Definition strictly_increasing_on_nonneg {R : realType} (F : R -> R) : Prop :=
  forall x y, 0 <= x -> x < y -> F x < F y.

From HB Require Import structures.
From mathcomp Require Import all_boot all_order all_algebra.
From mathcomp Require Import all_classical all_reals all_analysis.
From mathcomp Require Import measurable_realfun zify.
Import Order.TTheory GRing.Theory Num.Theory.
Import numFieldNormedType.Exports.
Local Open Scope classical_set_scope.
Local Open Scope ring_scope.

(* Sell [c] shares at each of the first [q = k %/ c] arrivals and keep the rest
   until [T].  This strategy is admissible, and on the event [N_T = n] its cost
   is [g (minn n q)] with [g n = n F(c) + F(k - n c)].  Its expected cost is
   therefore the right-hand side, which bounds the infimum [v(k,T)]. *)

Lemma left_lim_near_cst {R : realFieldType} (f : R -> R) (a C e : R) : 0 < e ->
  (forall t, a - e < t -> t < a -> f t = C) -> lim (f @ a^'-) = C.
Proof.
move=> e0 f_cst; apply: norm_lim_near_cst.
near=> t; apply: f_cst.
- by near: t; apply: nbhs_left_gt; rewrite ltrBlDr ltrDl.
- by near: t; exact: nbhs_left_lt.
Unshelve. all: by end_near.
Qed.

Lemma natrB_minn_pred {R : pzRingType} (k c q i : nat) : (0 < i)%N -> (c * q <= k)%N ->
  ((k - c * minn i.-1 q)%N%:R - (k - c * minn i q)%N%:R : R)
   = if (i <= q)%N then c%:R else 0.
Proof.
move=> i_gt0 cq_le_k; case: ifP => iq; last first.
  by rewrite !(minn_idPr _) ?subrr //; lia.
rewrite (minn_idPl iq) (minn_idPl (leq_trans (leq_pred i) iq)).
have -> : (k - c * i.-1 = k - c * i + c)%N.
  have : (c * i = c * i.-1 + c)%N by rewrite -mulnSr prednK.
  have : (c * i <= c * q)%N by rewrite leq_mul2l iq orbT.
  lia.
by rewrite natrD addrAC subrr add0r.
Qed.

Lemma sumr_nat_if_leq {R : pzSemiRingType} (a : R) (m n : nat) :
  \sum_(1 <= i < n.+1) (if (i <= m)%N then a else 0) = (minn n m)%:R * a.
Proof.
elim: n => [|n IH]; first by rewrite big_geq // min0n mul0r.
rewrite big_nat_recr //= IH; case: (leqP n.+1 m) => h.
  by rewrite !(minn_idPl _) ?(ltnW h) // mulrSr mulrDl mul1r.
by rewrite !(minn_idPr _) ?addr0 //; lia.
Qed.

Lemma minn_indicatorE {R : pzRingType} (g : nat -> R) (m q : nat) :
  g (minn m q) = g q * (q <= m)%N%:R + \sum_(n < q) g n * (m == n)%:R.
Proof.
case: (leqP q m) => [qm|mq].
  rewrite mulr1 big1 ?addr0 // => n _.
  by rewrite (_ : (m == n) = false) ?mulr0 //; apply/eqP => mn; move: (ltn_ord n); lia.
rewrite mulr0 add0r (bigD1 (Ordinal mq)) //= eqxx mulr1.
rewrite big1 ?addr0 // => n /eqP nm.
by rewrite (_ : (m == n) = false) ?mulr0 //; apply/eqP => mn; apply: nm; apply: val_inj.
Qed.

Section ArrivalTime.
Context {R : realType} {d : measure_display} {Omega : measurableType d}.
Context {N : R -> Omega -> nat} {w : Omega} {i : nat}.
Hypothesis N_counting : counting_paths N.

Let S := [set t : R | 0 <= t /\ (i <= N t w)%N].

Let S_lbound : has_lbound S. Proof. by exists 0 => t []. Qed.

Lemma arrival_time_le t : 0 <= t -> (i <= N t w)%N -> arrival_time N i w <= t.
Proof. by move=> t0 it; exact: (ge_inf S_lbound). Qed.

Lemma arrival_time_unreached :
  ~ (exists t, 0 <= t /\ (i <= N t w)%N) -> arrival_time N i w = 0.
Proof.
move=> unreached; rewrite /arrival_time (_ : [set t | _] = set0) ?inf0 //.
by apply/seteqP; split => t // [t0 it]; apply: unreached; exists t.
Qed.

Section Reached.
Hypothesis reached : exists t, 0 <= t /\ (i <= N t w)%N.

Let S_inf : has_inf S.
Proof. by split => //; have [t St] := reached; exists t. Qed.

Lemma arrival_time_ge0 : 0 <= arrival_time N i w.
Proof. by apply: lb_le_inf; [case: S_inf | move=> t []]. Qed.

Lemma N_lt_arrival_time t : 0 <= t -> t < arrival_time N i w -> (N t w < i)%N.
Proof.
move=> t0 ts; rewrite ltnNge; apply/negP => it.
by have := arrival_time_le _ t0 it; rewrite leNgt ts.
Qed.

(* Right-continuity of the path at the infimum. *)
Lemma arrival_time_reached : (i <= N (arrival_time N i w) w)%N.
Proof.
have [_ _ N_rc _] := N_counting w.
have [e e0 N_cst] := N_rc _ arrival_time_ge0.
have [t St ts] := inf_adherent e0 S_inf.
by rewrite -(N_cst t (arrival_time_le _ St.1 St.2) ts); case: St.
Qed.

Hypothesis i_gt0 : (0 < i)%N.

Lemma arrival_time_gt0 : 0 < arrival_time N i w.
Proof.
have [N0 _ _ _] := N_counting w.
rewrite lt_neqAle arrival_time_ge0 andbT; apply/eqP => s0.
by have := arrival_time_reached; rewrite -s0 N0; lia.
Qed.

Lemma jump_before_arrival_time : exists2 e, 0 < e &
  forall t, arrival_time N i w - e < t -> t < arrival_time N i w ->
    0 < t /\ (N (arrival_time N i w) w <= (N t w).+1)%N.
Proof.
have [_ _ _ N_jump] := N_counting w.
set s := arrival_time N i w.
have [e e0 He] := N_jump s arrival_time_gt0.
exists (Num.min e s) => [|t h1 h2]; first by rewrite lt_min e0 arrival_time_gt0.
have t_gt0 : 0 < t by apply: le_lt_trans h1; rewrite subr_ge0 ge_min lexx orbT.
split=> //; apply: He (ltW t_gt0) _ h2.
by apply: le_lt_trans h1; rewrite lerD2l lerN2 ge_min lexx.
Qed.

Lemma N_arrival_time : N (arrival_time N i w) w = i.
Proof.
have [e e0 He] := jump_before_arrival_time.
set s := arrival_time N i w in He *.
have [h1 h2] : s - e < s - e / 2 /\ s - e / 2 < s.
  split; first by rewrite ltrD2l ltrN2 ltr_pdivrMr // ltr_pMr // ltr1n.
  by rewrite ltrBlDr ltrDl divr_gt0.
have [t_gt0 jump] := He _ h1 h2.
have := N_lt_arrival_time _ (ltW t_gt0) h2.
by have := arrival_time_reached; rewrite -/s; lia.
Qed.

Lemma N_before_arrival_time : exists2 e, 0 < e &
  forall t, arrival_time N i w - e < t -> t < arrival_time N i w ->
    0 < t /\ N t w = i.-1.
Proof.
have [e e0 He] := jump_before_arrival_time.
exists e => // t h1 h2; have [t_gt0 jump] := He t h1 h2.
split=> //; have := N_lt_arrival_time _ (ltW t_gt0) h2.
by rewrite N_arrival_time in jump; lia.
Qed.

Lemma arrival_time_leE T : 0 <= T -> (arrival_time N i w <= T) = (i <= N T w)%N.
Proof.
have [_ N_mono _ _] := N_counting w.
move=> T0; apply/idP/idP => [sT|]; last exact: arrival_time_le.
by rewrite -{1}N_arrival_time; exact: N_mono arrival_time_ge0 sT.
Qed.

End Reached.
End ArrivalTime.

Section SellStrategy.
Context {R : realType} {d : measure_display} {Omega : measurableType d}.
Variables (N : R -> Omega -> nat) (k c q : nat).
Hypothesis N_counting : counting_paths N.

(* Negative times are clamped to [0], so that the left limit at time [0]
   (the junk arrival time of a never-reached index) is [k]. *)
Definition sell_strategy : R -> Omega -> nat :=
  fun t w => (k - c * minn (if (t < 0)%R then 0 else N t w) q)%N.

Lemma sell_strategyE t w : 0 <= t -> sell_strategy t w = (k - c * minn (N t w) q)%N.
Proof. by move=> t0; rewrite /sell_strategy ltNge t0. Qed.

Lemma sell_strategy_admissible : admissible N k sell_strategy.
Proof.
split.
- move=> w; have [N0 _ _ _] := N_counting w.
  by rewrite sell_strategyE // N0 min0n muln0 subn0.
- move=> t n t0; apply: sub_gen_smallest.
  exists t; first by rewrite /= t0 lexx.
  exists [set m | (k - c * minn m q)%N = n] => //.
  by apply/seteqP; split => w /=; rewrite sell_strategyE.
- move=> w s t s0 st; have [_ N_mono _ _] := N_counting w.
  rewrite !sell_strategyE ?(le_trans s0 st) //.
  apply/leq_sub2l/leq_mul => //; have := N_mono s t s0 st; lia.
- by move=> w s t s0 t0 Nst; rewrite !sell_strategyE // Nst.
Qed.

Variable F : R -> R.
Hypotheses (F0 : F 0 = 0) (cq_le_k : (c * q <= k)%N).

Let xi_left_lim (w : Omega) (s : R) : R :=
  lim ((fun t => (sell_strategy t w)%:R : R) @ s^'-).

Lemma exec_cost_term_sell_strategy w i T : 0 <= T -> (0 < i)%N ->
  (if arrival_time N i w <= T then
     (F (xi_left_lim w (arrival_time N i w)
         - (sell_strategy (arrival_time N i w) w)%:R))%:E else 0%E)
  = (if (i <= minn (N T w) q)%N then F c%:R else 0)%:E.
Proof.
move=> T0 i_gt0; have [N0 _ _ _] := N_counting w.
have [reached|unreached] := pselect (exists t, 0 <= t /\ (i <= N t w)%N).
  have [e e0 N_before] := N_before_arrival_time N_counting reached i_gt0.
  have s_gt0 := arrival_time_gt0 N_counting reached i_gt0.
  rewrite /xi_left_lim (@left_lim_near_cst _ _ _ (k - c * minn i.-1 q)%N%:R e) //;
    last by move=> t h1 h2; have [t_gt0 Nt] := N_before t h1 h2;
            rewrite sell_strategyE ?(ltW t_gt0) // Nt.
  rewrite sell_strategyE ?(ltW s_gt0) // N_arrival_time // natrB_minn_pred //.
  rewrite arrival_time_leE // leq_min.
  by case: (i <= N T w)%N; case: (i <= q)%N; rewrite /= ?F0.
have NT_lt_i : (N T w < i)%N by rewrite ltnNge; apply/negP => iT; apply: unreached; exists T.
rewrite arrival_time_unreached // T0 leq_min leqNgt NT_lt_i /=.
rewrite /xi_left_lim (@left_lim_near_cst _ _ _ k%:R 1) // => [|t _ t_lt0];
  last by rewrite /sell_strategy t_lt0 min0n muln0 subn0.
by rewrite sell_strategyE // N0 min0n muln0 subn0 subrr F0.
Qed.

Lemma exec_cost_sell_strategy T w : 0 <= T ->
  exec_cost F N T sell_strategy w =
  ((minn (N T w) q)%:R * F c%:R + F (k - c * minn (N T w) q)%N%:R)%:E.
Proof.
move=> T0; rewrite /exec_cost sell_strategyE // EFinD; congr (_ + _)%E.
apply: lim_near_cst => //; exists q.+1 => // -[//|n] /= q_lt_n.
rewrite big_mkcond /=.
under eq_big_nat => i /andP[i_gt0 _] do rewrite exec_cost_term_sell_strategy //.
rewrite sumEFin sumr_nat_if_leq (minn_idPr _) // geq_min; lia.
Qed.

End SellStrategy.

Section IntegralMinn.
Context {R : realType} {d : measure_display} {Omega : measurableType d}.
Variable mu : {finite_measure set Omega -> \bar R}.

Lemma integral_scaled_indic (A : set Omega) (a : R) : measurable A -> 0 <= a ->
  (\int[mu]_w (a * \1_A w)%:E = (a * fine (mu A))%:E)%E.
Proof.
move=> mA a0; under eq_integral do rewrite EFinM.
rewrite ge0_integralZl_EFin //; last exact/measurable_EFinP/measurable_indic.
by rewrite integral_indic // setIT EFinM fineK //; exact: fin_num_measure.
Qed.

Lemma measurable_scaled_indic (A : set Omega) (a : R) : measurable A ->
  measurable_fun setT (fun w => (a * \1_A w)%:E).
Proof. by move=> mA; apply/measurable_EFinP/measurable_funM. Qed.

Variables (X : Omega -> nat) (g : nat -> R) (q : nat).
Hypotheses (X_measurable : forall A, measurable (X @^-1` A))
           (g_ge0 : forall n, (n <= q)%N -> 0 <= g n).

Lemma integral_minn_nat :
  (\int[mu]_w (g (minn (X w) q))%:E =
   (g q * fine (mu [set w | (q <= X w)%N])
    + \sum_(0 <= n < q) g n * fine (mu [set w | X w = n]))%:E)%E.
Proof.
set B := [set w | (q <= X w)%N]; set A := fun n => [set w | X w = n].
have mB : measurable B by exact: (X_measurable [set m | (q <= m)%N]).
have mA n : measurable (A n) by exact: (X_measurable [set n]).
have g_indic_ge0 (n : 'I_q) w : (0 <= (g n * \1_(A n) w)%:E)%E.
  by rewrite lee_fin mulr_ge0 ?g_ge0 ?(ltnW (ltn_ord n)) // indicE ler0n.
rewrite (eq_integral (fun w => (g q * \1_B w)%:E +
    \sum_(n < q) (g n * \1_(A n) w)%:E)%E); last first.
  move=> w _; rewrite minn_indicatorE [X in _ = (_ + X)%E]sumEFin -EFinD indicE.
  have -> : (w \in B) = (q <= X w)%N by apply/idP/idP => [/set_mem|/mem_set].
  congr (_ + _)%:E; apply: eq_bigr => n _; rewrite indicE.
  by have -> : (w \in A n) = (X w == n) by apply/idP/eqP => [/set_mem|/mem_set].
rewrite ge0_integralD //; first last.
- by apply: emeasurable_sum => n; exact: measurable_scaled_indic.
- by move=> w _; exact: sume_ge0.
- exact: measurable_scaled_indic.
- by move=> w _; rewrite lee_fin mulr_ge0 ?g_ge0 // indicE ler0n.
rewrite ge0_integral_sum //; last by move=> n; exact: measurable_scaled_indic.
rewrite integral_scaled_indic ?g_ge0 //.
rewrite (eq_bigr (fun n : 'I_q => (g n * fine (mu (A n)))%:E)); last first.
  by move=> n _; rewrite integral_scaled_indic ?g_ge0 ?(ltnW (ltn_ord n)).
by rewrite sumEFin -EFinD big_mkord.
Qed.

End IntegralMinn.
(* In the setting below, for every face $F$ of $\mathcal{P}_\lambda$, every edge of $\phi(F)$ lies on some positive path of $\Gamma_{\mathbf{k}}$ that is entirely contained in $\phi(F)$.
   Context: Let $\mathbf{k}=(k_1,\dots,k_s)$ be positive integers with sum $n$, $n_0=0$, $n_i=\sum_{j\le i}k_j$, and $\lambda=(\lambda_1,\dots,\lambda_n)$ real with $\lambda_1=\cdots=\lambda_{n_1}>\lambda_{n_1+1}=\cdots=\lambda_{n_2}>\cdots>\lambda_{n_{s-1}+1}=\cdots=\lambda_n$. Let $I=\{(i,j)\in\mathbb{Z}^2:i,j\ge1,i+j\le n\}$; $\mathcal{P}_\lambda=\{x=(x_{i,j})_{(i,j)\in I}: x_{i,j+1}\ge x_{i,j}\ge x_{i+1,j}\ \forall (i,j)\in I\}$ with $x_{i,n+1-i}:=\lambda_i$. $Q^+$ is the directed graph on $\mathbb{Z}_{\ge0}^2$ with edges $((i,j),(i,j+1))$, $((i,j),(i+1,j))$. Terminal vertices $T_{\mathbf{k}}=\{(n_\ell,n-n_\ell):0\le\ell\le s\}$; $\Gamma_{\mathbf{k}}$ is the induced subgraph of $Q^+$ on $\{(a,b):a\le c,b\le d\text{ for some }(c,d)\in T_{\mathbf{k}}\}$. A positive path is a shortest directed path in $\Gamma_{\mathbf{k}}$ from $(0,0)$ to a terminal vertex. For a face $F$ of $\mathcal{P}_\lambda$, $\phi(F)$ is the subgraph of $Q^+$ whose edges are: all $((0,i),(0,i+1))$ and $((i,0),(i+1,0))$, $0\le i\le n-1$; $((i-1,j),(i,j))$ for $(i,j)\in I$ whenever some $x\in F$ has $x_{i,j}<x_{i,j+1}$; $((i,j-1),(i,j))$ for $(i,j)\in I$ whenever some $x\in F$ has $x_{i,j}>x_{i+1,j}$; its vertices are the endpoints of these edges. *)

From HB Require Import structures.
From mathcomp Require Import all_boot all_order all_algebra.
Set Implicit Arguments. Unset Strict Implicit. Unset Printing Implicit Defensive.
Import Order.TTheory GRing.Theory Num.Theory.

(* n_l = k_1 + ... + k_l  (n_0 = 0) *)
Definition psum (k : seq nat) (l : nat) : nat := \sum_(j < l) nth 0%N k j.

Definition terminal (k : seq nat) (n : nat) (v : nat * nat) : bool :=
  has (fun l => v == (psum k l, n - psum k l)) (iota 0 (size k).+1).

Definition in_Gamma (k : seq nat) (n : nat) (v : nat * nat) : bool :=
  has (fun l => (v.1 <= psum k l) && (v.2 <= n - psum k l)) (iota 0 (size k).+1).

Definition Qedge (u v : nat * nat) : bool :=
  (v == (u.1, u.2.+1)) || (v == (u.1.+1, u.2)).

Definition Gedge (k : seq nat) (n : nat) (u v : nat * nat) : bool :=
  [&& Qedge u v, in_Gamma k n u & in_Gamma k n v].

(* a directed path in Gamma_k from (0,0) given by its vertex list after (0,0) *)
Definition Gpath (k : seq nat) (n : nat) (p : seq (nat * nat)) : bool :=
  path (Gedge k n) (0, 0)%N p.

Definition positive_path (k : seq nat) (n : nat) (p : seq (nat * nat)) : Prop :=
  [/\ Gpath k n p, terminal k n (last (0, 0)%N p) &
      forall q, Gpath k n q -> last (0, 0)%N q = last (0, 0)%N p ->
        (size p <= size q)%N].

Definition edge_on (p : seq (nat * nat)) (u v : nat * nat) : bool :=
  (u, v) \in zip ((0, 0)%N :: p) p.

Definition inI (n i j : nat) : bool := [&& (0 < i)%N, (0 < j)%N & (i + j <= n)%N].

Section Poly.
Variable R : realFieldType.
Local Open Scope ring_scope.

(* points are functions nat -> nat -> R, required to vanish outside I *)
Definition point := nat -> nat -> R.

Definition xe (n : nat) (lam : nat -> R) (x : point) (i j : nat) : R :=
  if (i + j == n.+1)%N then lam i else x i j.

Definition inP (n : nat) (lam : nat -> R) (x : point) : Prop :=
  (forall i j, ~~ inI n i j -> x i j = 0) /\
  (forall i j, inI n i j ->
     xe n lam x i j <= xe n lam x i j.+1 /\ xe n lam x i.+1 j <= xe n lam x i j).

Definition linf (n : nat) (w x : point) : R :=
  \sum_(i < n) \sum_(j < n) (if inI n i j then w i j * x i j else 0).

Definition is_face (n : nat) (lam : nat -> R) (F : point -> Prop) : Prop :=
  (exists w c, (forall x, inP n lam x -> linf n w x <= c) /\
               (forall x, F x <-> (inP n lam x /\ linf n w x = c))) /\
  (exists x, F x).

Definition phiE (n : nat) (lam : nat -> R) (F : point -> Prop) (u v : nat * nat) : Prop :=
  (exists i, (i < n)%N /\ u = (0, i)%N /\ v = (0, i.+1)%N) \/
  (exists i, (i < n)%N /\ u = (i, 0)%N /\ v = (i.+1, 0)%N) \/
  (exists i j, inI n i j /\ u = (i.-1, j) /\ v = (i, j) /\
     exists x, F x /\ xe n lam x i j < xe n lam x i j.+1) \/
  (exists i j, inI n i j /\ u = (i, j.-1) /\ v = (i, j) /\
     exists x, F x /\ xe n lam x i.+1 j < xe n lam x i j).

End Poly.

Definition lam_adapted (R : realFieldType) (k : seq nat) (n : nat) (lam : nat -> R) : Prop :=
  forall i, (0 < i)%N -> (i < n)%N ->
    (i \in [seq psum k l | l <- iota 1 (size k)] -> (lam i.+1 < lam i)%R) /\
    (i \notin [seq psum k l | l <- iota 1 (size k)] -> lam i.+1 = lam i).

(* Fix a point x of F realizing the given edge, and keep only the edges of
   phi(F) that are strict at x (boundary edges, and interior edges whose
   defining inequality is strict at x).  At an interior vertex (i,j) both the
   incoming and the outgoing inequalities form a chain from x_{i+1,j} to
   x_{i,j+1}: x_{i+1,j} <= x_{i,j} <= x_{i,j+1} and
   x_{i+1,j} <= x_{i+1,j+1} <= x_{i,j+1}.  Hence a strict edge enters (i,j)
   iff x_{i+1,j} < x_{i,j+1} iff a strict edge leaves (i,j); on the
   antidiagonal this gap reads lambda_{i+1} < lambda_i, which makes (i,j)
   terminal.  So strict edges can always be extended backwards to (0,0) and
   forwards to a terminal vertex; the resulting monotone lattice path stays
   below its terminal endpoint, hence inside Gamma_k, and is shortest because
   every edge of Q^+ raises i + j by one. *)
From HB Require Import structures.
From mathcomp Require Import all_boot all_order all_algebra.
From mathcomp Require Import zify lra.
Set Implicit Arguments. Unset Strict Implicit. Unset Printing Implicit Defensive.
Import Order.TTheory GRing.Theory Num.Theory.

Lemma path_mem_zip (T : eqType) (e : rel T) a s u v :
  path e a s -> (u, v) \in zip (a :: s) s -> e u v.
Proof.
elim: s a => [|b s IH] a //= /andP[eab bs].
by rewrite inE => /orP[/eqP[-> ->] // | /(IH _ bs)].
Qed.

Lemma mem_zip_last_cat (T : eqType) (a b : T) s1 s2 :
  (last a s1, b) \in zip (a :: s1 ++ b :: s2) (s1 ++ b :: s2).
Proof. by elim: s1 a => [|c s1 IH] a /=; rewrite inE ?eqxx ?IH ?orbT. Qed.

Lemma path_le_last (T : Type) (le : rel T) :
  reflexive le -> transitive le ->
  forall a s, path le a s -> all (le^~ (last a s)) (a :: s).
Proof.
move=> le_refl le_trans a s; elim: s a => [|b s IH] a /=; first by rewrite le_refl.
case/andP=> lab /IH /= /andP[lbl lbs].
by rewrite (le_trans _ _ _ lab lbl) lbl.
Qed.

Section RankedPaths.

Variables (T : eqType) (e : rel T) (rank : T -> nat).
Hypothesis e_rank : forall u v, e u v -> rank v = (rank u).+1.

Lemma path_rank_last a q : path e a q -> rank (last a q) = rank a + size q.
Proof.
elim: q a => [|b q IH] a /=; first by rewrite addn0.
by case/andP=> /e_rank eab /IH ->; rewrite eab addSnnS.
Qed.

Variables (o : T) (final : pred T) (N : nat).
Hypothesis e_bounded : forall u v, e u v -> rank v <= N.
Hypothesis source_reached : forall u v, e u v -> u = o \/ exists w, e w u.
Hypothesis target_extends : forall u v, e u v -> final v \/ exists w, e v w.

Lemma path_to_source u v : e u v -> exists2 q, path e o q & last o q = u.
Proof.
suff ext m w : rank w = m -> (w = o \/ exists w', e w' w) ->
    exists2 q, path e o q & last o q = w.
  by move=> /source_reached; apply: ext.
elim: m w => [|m IH] w rw [-> | [w' ew'w]]; try by exists [::].
  by move: (e_rank ew'w); rewrite rw.
have [|q oq lq] := IH w' _ (source_reached ew'w).
  by move: (e_rank ew'w); rewrite rw => -[].
by exists (rcons q w); rewrite ?rcons_path ?last_rcons ?oq ?lq.
Qed.

Lemma path_from_target u v : e u v -> exists2 q, path e v q & final (last v q).
Proof.
suff ext m u' v' : N - rank v' = m -> e u' v' ->
    exists2 q, path e v' q & final (last v' q).
  exact: ext.
clear u v; elim: m u' v' => [|m IH] u' v' hm euv;
  case: (target_extends euv) => [fv | [w evw]]; try by exists [::].
  by have := e_bounded evw; rewrite (e_rank evw); lia.
have [|q wq fq] := IH v' w _ evw; first by rewrite (e_rank evw); lia.
by exists (w :: q); rewrite /= ?evw.
Qed.

Lemma edge_on_final_path u v : e u v ->
  exists p, [/\ path e o p, (u, v) \in zip (o :: p) p & final (last o p)].
Proof.
move=> euv; have [q oq lq] := path_to_source euv.
have [r vr fr] := path_from_target euv.
exists (q ++ v :: r); split.
- by rewrite cat_path oq lq /= euv.
- by rewrite -{1}lq mem_zip_last_cat.
- by rewrite last_cat.
Qed.

End RankedPaths.

Definition level (v : nat * nat) : nat := v.1 + v.2.

Definition grid_le (u v : nat * nat) : bool := (u.1 <= v.1) && (u.2 <= v.2).

Lemma grid_le_refl : reflexive grid_le.
Proof. by move=> u; rewrite /grid_le !leqnn. Qed.

Lemma grid_le_trans : transitive grid_le.
Proof. by move=> v u w /andP[? ?] /andP[? ?]; apply/andP; split; lia. Qed.

Lemma Qedge_level u v : Qedge u v -> level v = (level u).+1.
Proof. by rewrite /level; case/orP=> /eqP -> /=; lia. Qed.

Lemma Qedge_grid_le u v : Qedge u v -> grid_le u v.
Proof. by rewrite /grid_le; case/orP=> /eqP -> /=; rewrite !leqnSn !leqnn. Qed.

Lemma Gedge_Qedge k n u v : Gedge k n u v -> Qedge u v.
Proof. by case/and3P. Qed.

Lemma terminal_col k n : terminal k n (0, n).
Proof. by apply/hasP; exists 0%N; rewrite ?mem_iota // /psum big_ord0 subn0. Qed.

*-*-*

ABOUT THIS EXERCISE> Beginning with the line above that contains "From mathcomp Require Import zify lra.", copy each line exactly up to and including the line that contains "by rewrite (le_trans _ _ _ lab lbl) lbl.", and go no further.

REPLY>
From mathcomp Require Import zify lra.
Set Implicit Arguments. Unset Strict Implicit. Unset Printing Implicit Defensive.
Import Order.TTheory GRing.Theory Num.Theory.

Lemma path_mem_zip (T : eqType) (e : rel T) a s u v :
  path e a s -> (u, v) \in zip (a :: s) s -> e u v.
Proof.
elim: s a => [|b s IH] a //= /andP[eab bs].
by rewrite inE => /orP[/eqP[-> ->] // | /(IH _ bs)].
Qed.

Lemma mem_zip_last_cat (T : eqType) (a b : T) s1 s2 :
  (last a s1, b) \in zip (a :: s1 ++ b :: s2) (s1 ++ b :: s2).
Proof. by elim: s1 a => [|c s1 IH] a /=; rewrite inE ?eqxx ?IH ?orbT. Qed.

Lemma path_le_last (T : Type) (le : rel T) :
  reflexive le -> transitive le ->
  forall a s, path le a s -> all (le^~ (last a s)) (a :: s).
Proof.
move=> le_refl le_trans a s; elim: s a => [|b s IH] a /=; first by rewrite le_refl.
case/andP=> lab /IH /= /andP[lbl lbs].
by rewrite (le_trans _ _ _ lab lbl) lbl.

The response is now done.